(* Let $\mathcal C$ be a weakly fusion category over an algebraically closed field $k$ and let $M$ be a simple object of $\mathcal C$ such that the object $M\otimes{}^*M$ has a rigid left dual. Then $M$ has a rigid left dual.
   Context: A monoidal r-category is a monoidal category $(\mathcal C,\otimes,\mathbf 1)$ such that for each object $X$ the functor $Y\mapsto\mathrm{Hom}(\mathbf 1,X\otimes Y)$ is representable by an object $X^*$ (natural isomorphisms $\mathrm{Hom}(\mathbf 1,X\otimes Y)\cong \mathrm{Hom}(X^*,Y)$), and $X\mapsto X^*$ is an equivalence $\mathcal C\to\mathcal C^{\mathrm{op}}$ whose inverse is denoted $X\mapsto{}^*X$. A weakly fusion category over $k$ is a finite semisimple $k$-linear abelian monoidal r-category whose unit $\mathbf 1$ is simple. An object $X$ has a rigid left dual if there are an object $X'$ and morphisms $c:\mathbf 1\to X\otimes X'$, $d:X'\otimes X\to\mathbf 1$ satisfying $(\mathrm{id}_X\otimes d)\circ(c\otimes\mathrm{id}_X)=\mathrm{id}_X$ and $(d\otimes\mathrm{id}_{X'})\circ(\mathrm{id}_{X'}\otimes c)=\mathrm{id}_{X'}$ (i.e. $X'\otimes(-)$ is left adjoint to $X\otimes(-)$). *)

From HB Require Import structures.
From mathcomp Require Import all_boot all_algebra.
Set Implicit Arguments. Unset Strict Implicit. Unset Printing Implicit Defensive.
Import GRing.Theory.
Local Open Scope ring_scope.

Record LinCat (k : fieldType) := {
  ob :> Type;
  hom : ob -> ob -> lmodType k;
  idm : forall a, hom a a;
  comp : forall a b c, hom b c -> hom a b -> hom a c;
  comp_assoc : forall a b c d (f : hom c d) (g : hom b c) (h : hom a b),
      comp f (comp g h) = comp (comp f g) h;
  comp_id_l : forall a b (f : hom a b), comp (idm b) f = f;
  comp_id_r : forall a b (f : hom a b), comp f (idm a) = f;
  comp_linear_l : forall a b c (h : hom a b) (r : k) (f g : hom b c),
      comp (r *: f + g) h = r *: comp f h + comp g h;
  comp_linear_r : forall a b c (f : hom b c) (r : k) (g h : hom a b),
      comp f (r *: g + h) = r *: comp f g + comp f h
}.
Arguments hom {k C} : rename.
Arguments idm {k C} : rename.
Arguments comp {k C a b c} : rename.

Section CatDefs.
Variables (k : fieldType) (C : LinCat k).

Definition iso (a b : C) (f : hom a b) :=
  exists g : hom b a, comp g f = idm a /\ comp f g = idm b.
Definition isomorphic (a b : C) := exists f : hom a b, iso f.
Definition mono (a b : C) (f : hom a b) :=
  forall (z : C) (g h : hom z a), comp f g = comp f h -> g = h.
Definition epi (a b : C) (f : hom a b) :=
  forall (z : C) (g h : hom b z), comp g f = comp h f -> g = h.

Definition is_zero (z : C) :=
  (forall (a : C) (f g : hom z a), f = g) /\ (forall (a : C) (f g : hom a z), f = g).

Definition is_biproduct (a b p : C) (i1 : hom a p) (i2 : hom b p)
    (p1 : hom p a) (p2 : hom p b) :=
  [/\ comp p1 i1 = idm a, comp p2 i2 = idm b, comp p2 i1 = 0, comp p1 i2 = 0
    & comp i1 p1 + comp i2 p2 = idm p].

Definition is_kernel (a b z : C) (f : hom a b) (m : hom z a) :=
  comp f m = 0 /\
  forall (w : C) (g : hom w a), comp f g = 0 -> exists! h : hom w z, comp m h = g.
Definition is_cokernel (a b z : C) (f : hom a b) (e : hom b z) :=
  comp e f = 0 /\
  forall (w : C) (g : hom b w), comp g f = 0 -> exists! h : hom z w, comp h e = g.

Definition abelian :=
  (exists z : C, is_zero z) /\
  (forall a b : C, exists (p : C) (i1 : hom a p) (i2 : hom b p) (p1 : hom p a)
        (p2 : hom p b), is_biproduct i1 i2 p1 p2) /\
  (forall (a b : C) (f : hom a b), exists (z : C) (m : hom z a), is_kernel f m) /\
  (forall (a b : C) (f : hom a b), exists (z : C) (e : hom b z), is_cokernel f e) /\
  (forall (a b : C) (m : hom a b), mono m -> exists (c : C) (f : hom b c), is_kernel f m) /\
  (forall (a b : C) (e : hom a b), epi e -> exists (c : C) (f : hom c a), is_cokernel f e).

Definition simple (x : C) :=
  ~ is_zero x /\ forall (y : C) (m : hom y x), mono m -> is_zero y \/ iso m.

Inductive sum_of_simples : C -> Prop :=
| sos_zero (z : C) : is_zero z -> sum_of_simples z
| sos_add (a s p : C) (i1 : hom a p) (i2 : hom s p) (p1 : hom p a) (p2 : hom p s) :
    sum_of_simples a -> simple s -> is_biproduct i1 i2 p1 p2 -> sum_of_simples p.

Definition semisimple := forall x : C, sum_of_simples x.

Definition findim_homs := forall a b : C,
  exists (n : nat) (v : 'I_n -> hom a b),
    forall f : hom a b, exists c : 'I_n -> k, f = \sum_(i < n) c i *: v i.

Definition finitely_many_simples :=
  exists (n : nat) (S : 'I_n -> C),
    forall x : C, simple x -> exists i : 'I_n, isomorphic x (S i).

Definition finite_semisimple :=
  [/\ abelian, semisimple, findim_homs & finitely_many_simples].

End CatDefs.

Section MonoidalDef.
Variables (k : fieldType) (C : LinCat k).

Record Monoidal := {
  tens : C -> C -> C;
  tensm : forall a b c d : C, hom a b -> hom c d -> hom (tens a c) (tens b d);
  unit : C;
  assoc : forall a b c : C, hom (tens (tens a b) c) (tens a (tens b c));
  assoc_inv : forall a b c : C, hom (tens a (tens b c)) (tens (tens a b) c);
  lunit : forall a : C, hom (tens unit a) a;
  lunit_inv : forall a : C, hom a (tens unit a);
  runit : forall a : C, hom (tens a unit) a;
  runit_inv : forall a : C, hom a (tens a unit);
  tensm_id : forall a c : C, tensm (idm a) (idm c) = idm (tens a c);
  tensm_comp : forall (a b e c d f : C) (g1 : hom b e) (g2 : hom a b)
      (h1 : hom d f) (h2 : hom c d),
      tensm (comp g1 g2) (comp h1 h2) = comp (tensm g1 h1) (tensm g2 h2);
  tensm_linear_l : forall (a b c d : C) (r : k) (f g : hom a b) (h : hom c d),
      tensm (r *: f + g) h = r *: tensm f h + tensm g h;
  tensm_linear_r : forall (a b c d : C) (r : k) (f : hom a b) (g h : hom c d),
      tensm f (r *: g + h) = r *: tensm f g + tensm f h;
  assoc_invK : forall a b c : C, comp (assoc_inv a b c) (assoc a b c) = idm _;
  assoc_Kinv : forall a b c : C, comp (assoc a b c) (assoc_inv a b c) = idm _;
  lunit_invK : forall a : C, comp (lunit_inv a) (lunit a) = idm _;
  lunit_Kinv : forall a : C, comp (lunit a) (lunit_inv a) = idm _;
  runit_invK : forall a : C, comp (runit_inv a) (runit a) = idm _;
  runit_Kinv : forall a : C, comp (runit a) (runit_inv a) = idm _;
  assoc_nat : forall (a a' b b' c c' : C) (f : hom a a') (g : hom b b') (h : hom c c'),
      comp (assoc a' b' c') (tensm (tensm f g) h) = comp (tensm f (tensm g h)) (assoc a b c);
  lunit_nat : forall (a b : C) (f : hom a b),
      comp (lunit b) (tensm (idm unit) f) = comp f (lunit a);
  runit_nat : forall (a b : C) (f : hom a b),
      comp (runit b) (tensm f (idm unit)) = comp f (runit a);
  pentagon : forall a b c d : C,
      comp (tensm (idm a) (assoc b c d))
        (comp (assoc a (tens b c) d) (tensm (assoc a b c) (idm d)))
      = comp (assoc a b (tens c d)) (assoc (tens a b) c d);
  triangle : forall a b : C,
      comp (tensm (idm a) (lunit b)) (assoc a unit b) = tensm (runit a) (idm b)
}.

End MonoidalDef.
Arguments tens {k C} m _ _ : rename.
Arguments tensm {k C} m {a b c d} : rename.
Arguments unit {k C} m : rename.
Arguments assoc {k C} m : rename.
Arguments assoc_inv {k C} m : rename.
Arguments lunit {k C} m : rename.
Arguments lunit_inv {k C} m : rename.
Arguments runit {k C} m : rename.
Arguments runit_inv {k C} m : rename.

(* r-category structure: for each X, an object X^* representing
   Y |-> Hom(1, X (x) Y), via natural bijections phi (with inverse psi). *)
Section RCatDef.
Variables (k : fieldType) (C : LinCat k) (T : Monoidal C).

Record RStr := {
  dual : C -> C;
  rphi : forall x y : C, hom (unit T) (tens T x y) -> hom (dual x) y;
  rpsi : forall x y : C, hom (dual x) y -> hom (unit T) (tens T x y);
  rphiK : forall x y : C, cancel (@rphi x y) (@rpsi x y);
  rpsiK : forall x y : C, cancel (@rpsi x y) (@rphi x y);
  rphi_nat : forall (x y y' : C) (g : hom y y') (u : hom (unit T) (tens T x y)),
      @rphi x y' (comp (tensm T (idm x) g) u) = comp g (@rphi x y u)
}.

--

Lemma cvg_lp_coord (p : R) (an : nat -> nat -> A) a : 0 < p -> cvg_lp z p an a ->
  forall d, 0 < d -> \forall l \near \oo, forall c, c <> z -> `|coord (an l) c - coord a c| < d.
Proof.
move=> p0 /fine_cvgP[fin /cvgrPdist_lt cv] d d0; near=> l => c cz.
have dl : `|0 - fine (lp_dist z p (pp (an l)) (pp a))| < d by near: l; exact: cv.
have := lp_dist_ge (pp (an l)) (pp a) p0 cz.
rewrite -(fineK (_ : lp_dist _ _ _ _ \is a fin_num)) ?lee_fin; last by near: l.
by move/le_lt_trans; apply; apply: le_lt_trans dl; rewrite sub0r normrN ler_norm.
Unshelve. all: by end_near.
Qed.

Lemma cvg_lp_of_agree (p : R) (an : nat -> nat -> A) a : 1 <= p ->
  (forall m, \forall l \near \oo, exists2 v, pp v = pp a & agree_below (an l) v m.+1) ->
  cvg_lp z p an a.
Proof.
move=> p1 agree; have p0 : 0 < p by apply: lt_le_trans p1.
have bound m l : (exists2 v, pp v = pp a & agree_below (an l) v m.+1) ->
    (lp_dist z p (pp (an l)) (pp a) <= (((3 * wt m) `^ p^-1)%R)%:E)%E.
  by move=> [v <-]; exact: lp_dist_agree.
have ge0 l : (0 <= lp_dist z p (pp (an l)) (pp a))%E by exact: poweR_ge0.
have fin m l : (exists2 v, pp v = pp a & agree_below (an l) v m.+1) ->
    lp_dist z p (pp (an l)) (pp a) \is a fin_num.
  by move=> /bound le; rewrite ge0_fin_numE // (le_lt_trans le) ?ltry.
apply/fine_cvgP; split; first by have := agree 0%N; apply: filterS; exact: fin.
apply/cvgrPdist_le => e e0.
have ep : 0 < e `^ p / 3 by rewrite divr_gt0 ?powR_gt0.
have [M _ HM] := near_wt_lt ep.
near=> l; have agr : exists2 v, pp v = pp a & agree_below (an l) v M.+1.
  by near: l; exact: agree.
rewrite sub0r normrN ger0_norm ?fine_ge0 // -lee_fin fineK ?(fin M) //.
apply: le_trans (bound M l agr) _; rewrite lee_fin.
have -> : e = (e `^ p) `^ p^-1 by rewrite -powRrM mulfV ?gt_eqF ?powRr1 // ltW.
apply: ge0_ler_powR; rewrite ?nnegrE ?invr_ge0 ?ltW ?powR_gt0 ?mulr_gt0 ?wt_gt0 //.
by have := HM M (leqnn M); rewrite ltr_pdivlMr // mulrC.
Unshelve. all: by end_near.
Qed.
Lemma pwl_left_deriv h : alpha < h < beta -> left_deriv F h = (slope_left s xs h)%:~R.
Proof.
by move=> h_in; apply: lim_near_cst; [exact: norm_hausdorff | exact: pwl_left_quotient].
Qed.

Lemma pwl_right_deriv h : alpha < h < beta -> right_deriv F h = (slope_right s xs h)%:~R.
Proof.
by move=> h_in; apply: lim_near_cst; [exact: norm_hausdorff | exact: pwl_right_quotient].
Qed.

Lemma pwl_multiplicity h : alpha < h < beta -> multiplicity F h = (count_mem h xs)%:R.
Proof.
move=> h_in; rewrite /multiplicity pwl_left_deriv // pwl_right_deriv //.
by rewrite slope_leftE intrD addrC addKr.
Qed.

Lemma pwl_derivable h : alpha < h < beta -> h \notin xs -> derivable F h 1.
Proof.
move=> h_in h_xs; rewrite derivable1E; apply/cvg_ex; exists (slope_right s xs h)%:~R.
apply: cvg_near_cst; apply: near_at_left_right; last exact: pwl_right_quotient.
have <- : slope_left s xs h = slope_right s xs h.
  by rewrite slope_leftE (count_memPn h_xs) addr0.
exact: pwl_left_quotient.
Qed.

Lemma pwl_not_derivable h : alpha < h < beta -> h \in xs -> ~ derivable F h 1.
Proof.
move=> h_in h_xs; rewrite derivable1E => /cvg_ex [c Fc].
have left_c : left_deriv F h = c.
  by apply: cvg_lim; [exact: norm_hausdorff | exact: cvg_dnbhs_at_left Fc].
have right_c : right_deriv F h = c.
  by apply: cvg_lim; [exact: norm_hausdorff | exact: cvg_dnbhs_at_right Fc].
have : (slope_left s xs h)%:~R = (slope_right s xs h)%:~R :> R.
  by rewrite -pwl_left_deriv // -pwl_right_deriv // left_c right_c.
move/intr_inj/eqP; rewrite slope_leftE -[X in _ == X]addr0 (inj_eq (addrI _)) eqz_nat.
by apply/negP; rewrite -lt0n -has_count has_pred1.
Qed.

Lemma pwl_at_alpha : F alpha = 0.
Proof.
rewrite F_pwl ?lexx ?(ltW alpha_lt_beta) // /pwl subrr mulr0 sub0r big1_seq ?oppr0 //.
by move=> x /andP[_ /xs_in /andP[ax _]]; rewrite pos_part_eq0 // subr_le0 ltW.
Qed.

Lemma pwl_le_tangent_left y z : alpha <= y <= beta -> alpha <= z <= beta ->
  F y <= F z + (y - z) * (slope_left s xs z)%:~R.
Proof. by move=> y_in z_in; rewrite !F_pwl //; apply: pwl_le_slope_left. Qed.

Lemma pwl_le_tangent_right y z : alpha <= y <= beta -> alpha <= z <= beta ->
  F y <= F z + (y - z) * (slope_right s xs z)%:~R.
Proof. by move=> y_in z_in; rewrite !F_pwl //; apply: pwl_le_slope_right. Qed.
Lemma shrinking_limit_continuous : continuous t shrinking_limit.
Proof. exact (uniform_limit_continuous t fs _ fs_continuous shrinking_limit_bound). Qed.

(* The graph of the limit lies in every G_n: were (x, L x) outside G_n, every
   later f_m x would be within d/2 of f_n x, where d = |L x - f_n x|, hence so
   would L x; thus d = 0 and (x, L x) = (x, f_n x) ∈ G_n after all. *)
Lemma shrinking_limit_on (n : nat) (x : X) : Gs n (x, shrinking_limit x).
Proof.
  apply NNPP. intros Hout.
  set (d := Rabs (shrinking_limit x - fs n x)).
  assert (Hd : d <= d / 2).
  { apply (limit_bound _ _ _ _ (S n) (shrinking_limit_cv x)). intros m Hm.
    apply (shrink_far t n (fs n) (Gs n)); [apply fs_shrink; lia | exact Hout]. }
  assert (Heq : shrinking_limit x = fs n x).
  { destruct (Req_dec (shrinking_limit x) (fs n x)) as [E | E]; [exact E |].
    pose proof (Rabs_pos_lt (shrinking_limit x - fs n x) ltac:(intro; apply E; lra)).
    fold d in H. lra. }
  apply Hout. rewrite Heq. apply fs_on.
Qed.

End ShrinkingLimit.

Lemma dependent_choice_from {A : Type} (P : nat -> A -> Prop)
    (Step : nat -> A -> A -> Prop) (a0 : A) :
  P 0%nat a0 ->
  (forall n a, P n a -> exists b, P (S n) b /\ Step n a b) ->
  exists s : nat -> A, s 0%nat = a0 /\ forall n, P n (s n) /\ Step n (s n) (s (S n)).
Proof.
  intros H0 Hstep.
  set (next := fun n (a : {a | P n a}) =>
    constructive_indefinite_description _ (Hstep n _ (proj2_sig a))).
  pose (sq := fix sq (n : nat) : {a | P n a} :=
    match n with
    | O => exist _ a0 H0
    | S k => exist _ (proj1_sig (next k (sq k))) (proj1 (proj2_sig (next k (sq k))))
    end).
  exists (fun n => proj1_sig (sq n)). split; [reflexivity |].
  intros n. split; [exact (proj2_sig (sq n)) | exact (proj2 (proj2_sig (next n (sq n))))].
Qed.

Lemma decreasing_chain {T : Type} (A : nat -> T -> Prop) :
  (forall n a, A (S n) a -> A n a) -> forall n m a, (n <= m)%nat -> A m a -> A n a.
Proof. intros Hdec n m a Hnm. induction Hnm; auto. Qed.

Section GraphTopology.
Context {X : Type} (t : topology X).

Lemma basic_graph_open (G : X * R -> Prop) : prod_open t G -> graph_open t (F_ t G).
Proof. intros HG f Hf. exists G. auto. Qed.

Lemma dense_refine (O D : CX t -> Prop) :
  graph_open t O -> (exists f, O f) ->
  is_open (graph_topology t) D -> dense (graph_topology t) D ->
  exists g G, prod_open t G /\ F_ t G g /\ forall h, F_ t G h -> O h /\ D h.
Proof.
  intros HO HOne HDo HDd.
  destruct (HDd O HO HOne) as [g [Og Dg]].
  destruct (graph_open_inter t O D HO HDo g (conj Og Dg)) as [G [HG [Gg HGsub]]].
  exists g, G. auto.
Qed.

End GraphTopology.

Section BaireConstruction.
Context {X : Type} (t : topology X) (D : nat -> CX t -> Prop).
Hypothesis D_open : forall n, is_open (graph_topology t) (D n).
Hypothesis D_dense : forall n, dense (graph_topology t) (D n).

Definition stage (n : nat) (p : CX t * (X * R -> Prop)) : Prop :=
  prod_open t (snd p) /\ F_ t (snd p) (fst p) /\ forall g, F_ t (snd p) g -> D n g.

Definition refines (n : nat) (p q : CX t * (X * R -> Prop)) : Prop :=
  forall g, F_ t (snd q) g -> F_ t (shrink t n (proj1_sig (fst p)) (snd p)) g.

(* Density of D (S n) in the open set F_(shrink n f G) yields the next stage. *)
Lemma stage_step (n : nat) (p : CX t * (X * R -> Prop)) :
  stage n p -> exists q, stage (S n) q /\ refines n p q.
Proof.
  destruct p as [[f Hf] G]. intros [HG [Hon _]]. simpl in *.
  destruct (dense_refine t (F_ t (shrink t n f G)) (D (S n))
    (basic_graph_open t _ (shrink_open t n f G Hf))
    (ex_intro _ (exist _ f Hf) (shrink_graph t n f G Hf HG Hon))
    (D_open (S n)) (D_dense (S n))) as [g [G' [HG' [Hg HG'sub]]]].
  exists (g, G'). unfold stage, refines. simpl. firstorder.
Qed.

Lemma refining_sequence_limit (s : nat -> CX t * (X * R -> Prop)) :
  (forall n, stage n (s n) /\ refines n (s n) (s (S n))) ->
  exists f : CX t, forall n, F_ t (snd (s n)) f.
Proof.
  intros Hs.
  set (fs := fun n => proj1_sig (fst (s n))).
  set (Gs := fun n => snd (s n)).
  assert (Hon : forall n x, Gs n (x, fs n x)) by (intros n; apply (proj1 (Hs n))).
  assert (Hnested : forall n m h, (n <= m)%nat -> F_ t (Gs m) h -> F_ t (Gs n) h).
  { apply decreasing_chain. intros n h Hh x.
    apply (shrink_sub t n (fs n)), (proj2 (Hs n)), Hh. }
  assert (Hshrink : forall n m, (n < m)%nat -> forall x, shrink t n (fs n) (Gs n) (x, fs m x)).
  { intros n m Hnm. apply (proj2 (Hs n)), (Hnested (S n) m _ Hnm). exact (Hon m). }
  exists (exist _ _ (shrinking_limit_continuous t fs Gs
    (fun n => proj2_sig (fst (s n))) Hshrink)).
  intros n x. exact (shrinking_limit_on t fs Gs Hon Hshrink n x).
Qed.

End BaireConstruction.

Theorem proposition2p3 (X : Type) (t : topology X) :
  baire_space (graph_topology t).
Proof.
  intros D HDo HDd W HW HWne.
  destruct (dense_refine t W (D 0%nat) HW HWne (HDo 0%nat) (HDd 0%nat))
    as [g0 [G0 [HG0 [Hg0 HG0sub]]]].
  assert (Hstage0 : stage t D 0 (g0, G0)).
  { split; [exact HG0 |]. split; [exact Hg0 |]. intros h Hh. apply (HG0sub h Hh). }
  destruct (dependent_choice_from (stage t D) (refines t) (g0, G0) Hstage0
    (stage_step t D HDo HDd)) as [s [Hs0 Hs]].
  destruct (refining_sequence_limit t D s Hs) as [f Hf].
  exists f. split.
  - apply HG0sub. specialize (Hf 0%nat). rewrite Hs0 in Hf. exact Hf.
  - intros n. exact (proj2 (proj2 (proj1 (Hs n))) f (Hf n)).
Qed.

* * *

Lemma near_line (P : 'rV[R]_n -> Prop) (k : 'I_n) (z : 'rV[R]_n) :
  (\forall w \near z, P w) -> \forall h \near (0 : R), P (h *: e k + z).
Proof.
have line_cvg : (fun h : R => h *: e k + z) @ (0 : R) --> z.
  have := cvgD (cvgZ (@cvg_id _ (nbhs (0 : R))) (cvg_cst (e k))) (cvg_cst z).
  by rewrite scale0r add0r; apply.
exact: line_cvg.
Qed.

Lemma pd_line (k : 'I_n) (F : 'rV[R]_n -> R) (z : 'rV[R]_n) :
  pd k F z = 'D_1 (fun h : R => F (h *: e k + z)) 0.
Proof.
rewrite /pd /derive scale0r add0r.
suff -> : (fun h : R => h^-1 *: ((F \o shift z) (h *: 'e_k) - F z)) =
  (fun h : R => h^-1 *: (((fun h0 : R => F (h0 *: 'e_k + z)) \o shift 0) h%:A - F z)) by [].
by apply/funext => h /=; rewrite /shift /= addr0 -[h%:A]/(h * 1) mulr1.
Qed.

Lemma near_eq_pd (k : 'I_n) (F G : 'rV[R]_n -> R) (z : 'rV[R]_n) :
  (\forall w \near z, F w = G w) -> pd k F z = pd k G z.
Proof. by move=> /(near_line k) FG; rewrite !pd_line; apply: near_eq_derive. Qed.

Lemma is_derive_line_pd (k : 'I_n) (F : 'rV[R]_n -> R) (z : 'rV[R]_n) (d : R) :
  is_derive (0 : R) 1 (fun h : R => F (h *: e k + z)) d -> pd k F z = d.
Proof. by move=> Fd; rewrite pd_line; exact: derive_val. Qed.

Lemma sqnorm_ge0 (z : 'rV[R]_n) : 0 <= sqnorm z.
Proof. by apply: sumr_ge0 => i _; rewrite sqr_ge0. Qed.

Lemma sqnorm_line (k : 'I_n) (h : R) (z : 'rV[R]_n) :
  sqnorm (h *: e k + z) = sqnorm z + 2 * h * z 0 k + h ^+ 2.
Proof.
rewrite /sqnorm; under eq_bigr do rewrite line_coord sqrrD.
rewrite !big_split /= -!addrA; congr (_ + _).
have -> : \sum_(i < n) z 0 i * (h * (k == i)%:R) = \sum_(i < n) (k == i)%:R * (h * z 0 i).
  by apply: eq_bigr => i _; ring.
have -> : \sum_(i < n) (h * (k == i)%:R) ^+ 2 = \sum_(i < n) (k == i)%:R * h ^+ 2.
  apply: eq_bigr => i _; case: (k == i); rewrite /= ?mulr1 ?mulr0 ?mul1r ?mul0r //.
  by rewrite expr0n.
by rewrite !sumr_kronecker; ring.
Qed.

Work request -
Using the entries above, return exactly the lines from the line with "pose (sq := fix" to the line with "graph_open t O -> (exists f, O f) ->", counting both of those lines.

Solved exercise -
  pose (sq := fix sq (n : nat) : {a | P n a} :=
    match n with
    | O => exist _ a0 H0
    | S k => exist _ (proj1_sig (next k (sq k))) (proj1 (proj2_sig (next k (sq k))))
    end).
  exists (fun n => proj1_sig (sq n)). split; [reflexivity |].
  intros n. split; [exact (proj2_sig (sq n)) | exact (proj2 (proj2_sig (next n (sq n))))].
Qed.

Lemma decreasing_chain {T : Type} (A : nat -> T -> Prop) :
  (forall n a, A (S n) a -> A n a) -> forall n m a, (n <= m)%nat -> A m a -> A n a.
Proof. intros Hdec n m a Hnm. induction Hnm; auto. Qed.

Section GraphTopology.
Context {X : Type} (t : topology X).

Lemma basic_graph_open (G : X * R -> Prop) : prod_open t G -> graph_open t (F_ t G).
Proof. intros HG f Hf. exists G. auto. Qed.

Lemma dense_refine (O D : CX t -> Prop) :
  graph_open t O -> (exists f, O f) ->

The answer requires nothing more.